Ah, that’s not quite right: what you’re seeing is that data in the restic repository (stored on zfs) does not compress very well. That’s not surprising: all data in the repo is encrypted and therefore has high entropy. Compression within restic would mean compressing files before encryption/deduplication.

mic_p · May 9, 2019, 7:45pm

Yes! You are right! My (big) fault. I forgot the encryption!
So… could you implement the compression?

Thanks,
Michele

hickinbottoms · May 10, 2019, 7:04am

Implementation is in the backlog (mentioned in the top-post: https://github.com/restic/restic/issues/21). There’s been quite a lot of discussion there.

fd0 · May 10, 2019, 11:17am

Oh, and please please please don’t comment in that issue, it’s way too long already

manfredlotz · May 10, 2019, 6:48pm

@mic_p

I had backup-ed my laptop data using borg and got

------------------------------------------------------------------------------
                       Original size      Compressed size    Deduplicated size
All archives:                4.37 TB              3.70 TB              1.06 TB

                       Unique chunks         Total chunks
Chunk index:                 4301812             20884547

So my interpretation was that compression saved me 670GB which is quite something.

cdhowie · May 10, 2019, 11:07pm

Based on this output, I think that it saved you about a quarter of that; you need to consider the deduplicated size as well. Note that 2.7TB of compressed data was deduplicated.

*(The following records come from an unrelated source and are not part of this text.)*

(* Let $(S,V)$ be a complete semiring-semimodule pair, let $S'\subseteq S$ contain $0$ and $1$, and let $\mathcal P=(n,\Gamma,I,M,P,p_0,l)$ be an $S'$-$\omega$-pushdown automaton. Set $x_0=I(M^* )_{p_0,\epsilon}P\in S$, $[i,p,j]=((M^* )_{p,\epsilon})_{i,j}\in S$, $z_0=I(M^{\omega,l})_{p_0}\in V$ and $[i,p]=((M^{\omega,l})_p)_i\in V$ for $p\in\Gamma$, $1\le i,j\le n$. Then these values satisfy the system $$x_0=\sum_{1\le m_1,m_2\le n}I_{m_1}[m_1,p_0,m_2]P_{m_2},$$ $$[i,p,j]=\sum_{k\ge0}\sum_{p_1,\dots,p_k\in\Gamma}\sum_{1\le m_1,\dots,m_k\le n}(M_{p,p_1\dots p_k})_{i,m_1}[m_1,p_1,m_2][m_2,p_2,m_3]\cdots[m_k,p_k,j]\quad(p\in\Gamma,\ 1\le i,j\le n),$$ $$z_0=\sum_{1\le m\le n}I_m[m,p_0],$$ $$[i,p]=\sum_{k\ge1}\sum_{p_1,\dots,p_k\in\Gamma}\sum_{1\le j\le k}\sum_{1\le m_1,\dots,m_j\le n}(M_{p,p_1\dots p_k})_{i,m_1}[m_1,p_1,m_2]\cdots[m_{j-1},p_{j-1},m_j][m_j,p_j]\quad(p\in\Gamma,\ 1\le i\le n)$$ (this solution is called the solution of order $l$), and $\|\mathcal P\|=(I(M^* )_{p_0,\epsilon}P,\ I(M^{\omega,l})_{p_0})$.
   Context: A complete semiring-semimodule pair $(S,V)$ (in the sense of Ésik and Kuich, ''Modern Automata Theory'') consists of a complete starsemiring $S$ (arbitrary sums with infinite associativity/commutativity/distributivity laws, star $s^*=\sum_{j\ge0}s^j$) and a complete $S$-semimodule $V$, with infinite products $\prod_{j\ge1}s_j\in V$ of sequences in $S$ satisfying the axioms of that framework. In the second equation the term for $k=0$ is $(M_{p,\epsilon})_{i,j}$, and in general the last triple is $[m_k,p_k,j]$ (i.e. $m_{k+1}=j$). A pushdown transition matrix $M\in (S'^{n\times n})^{\Gamma^*\times\Gamma^*}$ ($\Gamma^*\times\Gamma^*$ matrix with $n\times n$ blocks over $S'$) satisfies (i) for each $p\in\Gamma$ only finitely many blocks $M_{p,\pi}$ are nonzero, and (ii) $M_{\pi_1,\pi_2}=M_{p,\pi}$ if $\pi_1=p\pi'$, $\pi_2=\pi\pi'$ for some $p\in\Gamma$, $\pi,\pi'\in\Gamma^*$, and $0$ otherwise. An $S'$-$\omega$-pushdown automaton $\mathcal P=(n,\Gamma,I,M,P,p_0,l)$ consists of $n\ge1$ (states $1,\dots,n$), an alphabet $\Gamma$, such an $M$, $I\in S'^{1\times n}$, $P\in S'^{n\times 1}$, $p_0\in\Gamma$ and $l\in\{0,\dots,n\}$. $M^*=\sum_{m\ge0}M^m$ with blocks $(M^* )_{\pi,\pi'}$; with $P_l=\{(j_1,j_2,\dots)\in\{1,\dots,n\}^\omega\mid j_t\le l\text{ for infinitely many }t\}$, $M^{\omega,l}\in (V^n)^{\Gamma^*}$ is given by $((M^{\omega,l})_\pi)_i=\sum_{\pi_1,\pi_2,\ldots\in\Gamma^*}\sum_{(j_1,j_2,\ldots)\in P_l}(M_{\pi,\pi_1})_{i,j_1}(M_{\pi_1,\pi_2})_{j_1,j_2}\cdots$. The behavior $\|\mathcal P\|=I(M^* )_{p_0,\epsilon}P+I(M^{\omega,l})_{p_0}$ is viewed as the pair $(I(M^* )_{p_0,\epsilon}P,I(M^{\omega,l})_{p_0})$ in the quemiring $S\times V$. *)

From HB Require Import structures.
From mathcomp Require Import all_boot all_order all_algebra.
Set Implicit Arguments. Unset Strict Implicit. Unset Printing Implicit Defensive.
Import GRing.Theory.
Local Open Scope ring_scope.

The benefits of compression go down as the benefits of deduplication go up.

For example, let’s say you have 500 copies of the same 1GB file, and that file compresses to 250MB.
The original data set, when compressed, goes from 500GB to 125GB. Once it is deduplicated, it drops further to 250MB.

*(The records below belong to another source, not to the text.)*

(* The theory $T^\ast$ has the oak property.
   Context: The language consists of unary predicates $Q_0,Q_1,Q_2$ and function symbols $F_0$ (one-place), $F_1$ (two-place), $F_2,F_3$ (one-place). $T_0^+$ is the theory saying: $Q_0,Q_1,Q_2$ partition the universe; $F_0$ is a (total) function from $Q_1$ to $Q_0$; $F_1$ is a (total) function from $Q_2\times Q_0$ to $Q_1$; $F_2$ is a (total) function from $Q_0$ to $Q_2$; $F_3$ is a (total) function from $Q_2$ to $Q_0$; $F_0(F_1(z,x))=x$ for all $z\in Q_2,x\in Q_0$; and $F_3(F_2(x))=x$ for all $x\in Q_0$. $T^\ast$ denotes the (complete) model completion of $T_0^+$. Oak property: a complete theory $T$ satisfies oak as exhibited by a formula $\varphi(\bar z,\bar y,\bar x)$ if (c) $T\models\forall\bar z,\bar y_1,\bar y_2,\bar x\,[\varphi(\bar z,\bar y_1,\bar x)\wedge\varphi(\bar z,\bar y_2,\bar x)\rightarrow\bar y_1=\bar y_2]$, and for all cardinals $\lambda,\kappa$ there are, in the monster model of $T$, tuples $\bar b_\eta$ ($\eta\in{}^{\kappa>}\lambda$), $\bar c_\nu$ ($\nu\in{}^{\kappa}\lambda$) and $\bar a_i$ ($i<\kappa$) such that (a) if $\eta\vartriangleleft\nu\in{}^\kappa\lambda$ (i.e. $\eta$ is a proper initial segment of $\nu$) then $\models\varphi[\bar c_\nu,\bar b_\eta,\bar a_{\mathrm{lg}(\eta)}]$; (b) if $\eta\in{}^{\kappa>}\lambda$, $\eta^\frown\langle\alpha\rangle\vartriangleleft\nu_1\in{}^\kappa\lambda$, $\eta^\frown\langle\beta\rangle\vartriangleleft\nu_2\in{}^\kappa\lambda$, $\alpha\neq\beta$ and $i>\mathrm{lg}(\eta)$, then $\models\neg\exists\bar y\,[\varphi(\bar c_{\nu_1},\bar y,\bar a_i)\wedge\varphi(\bar c_{\nu_2},\bar y,\bar a_i)]$. (The monster model may be replaced by its $\mathrm{eq}$-expansion, i.e. $\bar y$ may range over classes of a definable equivalence relation.) $T$ has the oak property if this holds for some $\varphi$. *)

From Stdlib Require Import Arith.

Record structure := Structure {
  carrier :> Type;
  inh : carrier;                      (* first-order structures are nonempty *)
  sQ0 : carrier -> Prop;
  sQ1 : carrier -> Prop;
  sQ2 : carrier -> Prop;
  sF0 : carrier -> carrier;
  sF1 : carrier -> carrier -> carrier;
  sF2 : carrier -> carrier;
  sF3 : carrier -> carrier }.

Inductive term : Type :=
  | tvar : nat -> term
  | tF0 : term -> term
  | tF1 : term -> term -> term
  | tF2 : term -> term
  | tF3 : term -> term.

Inductive form : Type :=
  | fEq : term -> term -> form
  | fQ0 : term -> form
  | fQ1 : term -> form
  | fQ2 : term -> form
  | fBot : form
  | fNot : form -> form
  | fAnd : form -> form -> form
  | fOr : form -> form -> form
  | fImp : form -> form -> form
  | fEx : nat -> form -> form
  | fAll : nat -> form -> form.

Fixpoint teval (M : structure) (e : nat -> M) (t : term) : M :=
  match t with
  | tvar n => e n
  | tF0 t => sF0 M (teval M e t)
  | tF1 t u => sF1 M (teval M e t) (teval M e u)
  | tF2 t => sF2 M (teval M e t)
  | tF3 t => sF3 M (teval M e t)
  end.

Definition upd (M : structure) (e : nat -> M) (n : nat) (x : M) : nat -> M :=
  fun k => if Nat.eqb k n then x else e k.

Fixpoint sat (M : structure) (e : nat -> M) (f : form) : Prop :=
  match f with
  | fEq t u => teval M e t = teval M e u
  | fQ0 t => sQ0 M (teval M e t)
  | fQ1 t => sQ1 M (teval M e t)
  | fQ2 t => sQ2 M (teval M e t)
  | fBot => False
  | fNot g => ~ sat M e g
  | fAnd g h => sat M e g /\ sat M e h
  | fOr g h => sat M e g \/ sat M e h
  | fImp g h => sat M e g -> sat M e h
  | fEx n g => exists x : M, sat M (upd M e n x) g
  | fAll n g => forall x : M, sat M (upd M e n x) g
  end.

Fixpoint term_vars_in (ok : nat -> Prop) (t : term) : Prop :=
  match t with
  | tvar n => ok n
  | tF0 t | tF2 t | tF3 t => term_vars_in ok t
  | tF1 t u => term_vars_in ok t /\ term_vars_in ok u
  end.

Fixpoint fv_in (ok : nat -> Prop) (f : form) : Prop :=
  match f with
  | fEq t u => term_vars_in ok t /\ term_vars_in ok u
  | fQ0 t | fQ1 t | fQ2 t => term_vars_in ok t
  | fBot => True
  | fNot g => fv_in ok g
  | fAnd g h | fOr g h | fImp g h => fv_in ok g /\ fv_in ok h
  | fEx n g | fAll n g => fv_in (fun k => k = n \/ ok k) g
  end.

Definition fv_below (n : nat) (f : form) : Prop := fv_in (fun k => k < n) f.
Definition sentence (f : form) : Prop := fv_in (fun _ => False) f.

Definition theory := form -> Prop.

Definition models (T : theory) (M : structure) : Prop :=
  forall f, T f -> forall e : nat -> M, sat M e f.

Definition complete (T : theory) : Prop :=
  (exists M, models T M) /\
  forall (M N : structure) (eM : nat -> M) (eN : nat -> N) (f : form),
    models T M -> models T N -> sentence f -> (sat M eM f <-> sat N eN f).

Definition is_T0plus (M : structure) : Prop :=
  (forall x : M, sQ0 M x \/ sQ1 M x \/ sQ2 M x) /\
  (forall x : M, ~ (sQ0 M x /\ sQ1 M x)) /\
  (forall x : M, ~ (sQ0 M x /\ sQ2 M x)) /\
  (forall x : M, ~ (sQ1 M x /\ sQ2 M x)) /\
  (forall x : M, sQ1 M x -> sQ0 M (sF0 M x)) /\
  (forall z x : M, sQ2 M z -> sQ0 M x -> sQ1 M (sF1 M z x)) /\
  (forall x : M, sQ0 M x -> sQ2 M (sF2 M x)) /\
  (forall z : M, sQ2 M z -> sQ0 M (sF3 M z)) /\
  (forall z x : M, sQ2 M z -> sQ0 M x -> sF0 M (sF1 M z x) = x) /\
  (forall x : M, sQ0 M x -> sF3 M (sF2 M x) = x).

Definition is_embedding (M N : structure) (h : M -> N) : Prop :=
  (forall x y : M, h x = h y -> x = y) /\
  (forall x : M, sQ0 M x <-> sQ0 N (h x)) /\
  (forall x : M, sQ1 M x <-> sQ1 N (h x)) /\
  (forall x : M, sQ2 M x <-> sQ2 N (h x)) /\
  (forall x : M, h (sF0 M x) = sF0 N (h x)) /\
  (forall x y : M, h (sF1 M x y) = sF1 N (h x) (h y)) /\
  (forall x : M, h (sF2 M x) = sF2 N (h x)) /\
  (forall x : M, h (sF3 M x) = sF3 N (h x)).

It’s tempting to say that compression saved you 375GB, but it did not – deduplication alone would have reduced the 500GB data set to 1GB.

Adding compression to deduplication in this scenario only saves 750MB, nowhere near 375GB.

tomwaldnz · May 11, 2019, 4:52am

I recently moved from Borg to Restic. One major drawback with Borg is if you had a moderate sized repository (3GB of files in /var/www) Borg doesn’t do incremental backups well - it copies a LOT of data to a new file in the backup location. If you’re storing your backup locally that’s ok, but if you’re backup up to cloud that’s going to use a lot of bandwidth. Restic only backs up what is required, so is much more bandwidth efficient.

I run Restic on an AWS t2.nano that right now has 40MB physical RAM available (but with a lot of RAM used as cache) and 400MB virtual memory free (t2.nano has 512MB RAM). It backups a few GB nightly, 83000 files. CloudWatch says my RAM goes from 37% to 53% during backups, for about 1 minute. Resource usage for this amount of data seems really reasonable.

764287 · May 11, 2019, 5:44pm

manfredlotz:

I had backup-ed my laptop data using borg and got

------------------------------------------------------------------------------
                       Original size      Compressed size    Deduplicated size
All archives:                4.37 TB              3.70 TB              1.06 TB

                       Unique chunks         Total chunks
Chunk index:                 4301812             20884547

So my interpretation was that compression saved me 670GB which is quite something.

Unfortunately those stats aren’t worth anything without knowledge about the dataset, number of snapshots etc. Take a look at the stats of 1 of my respoitories.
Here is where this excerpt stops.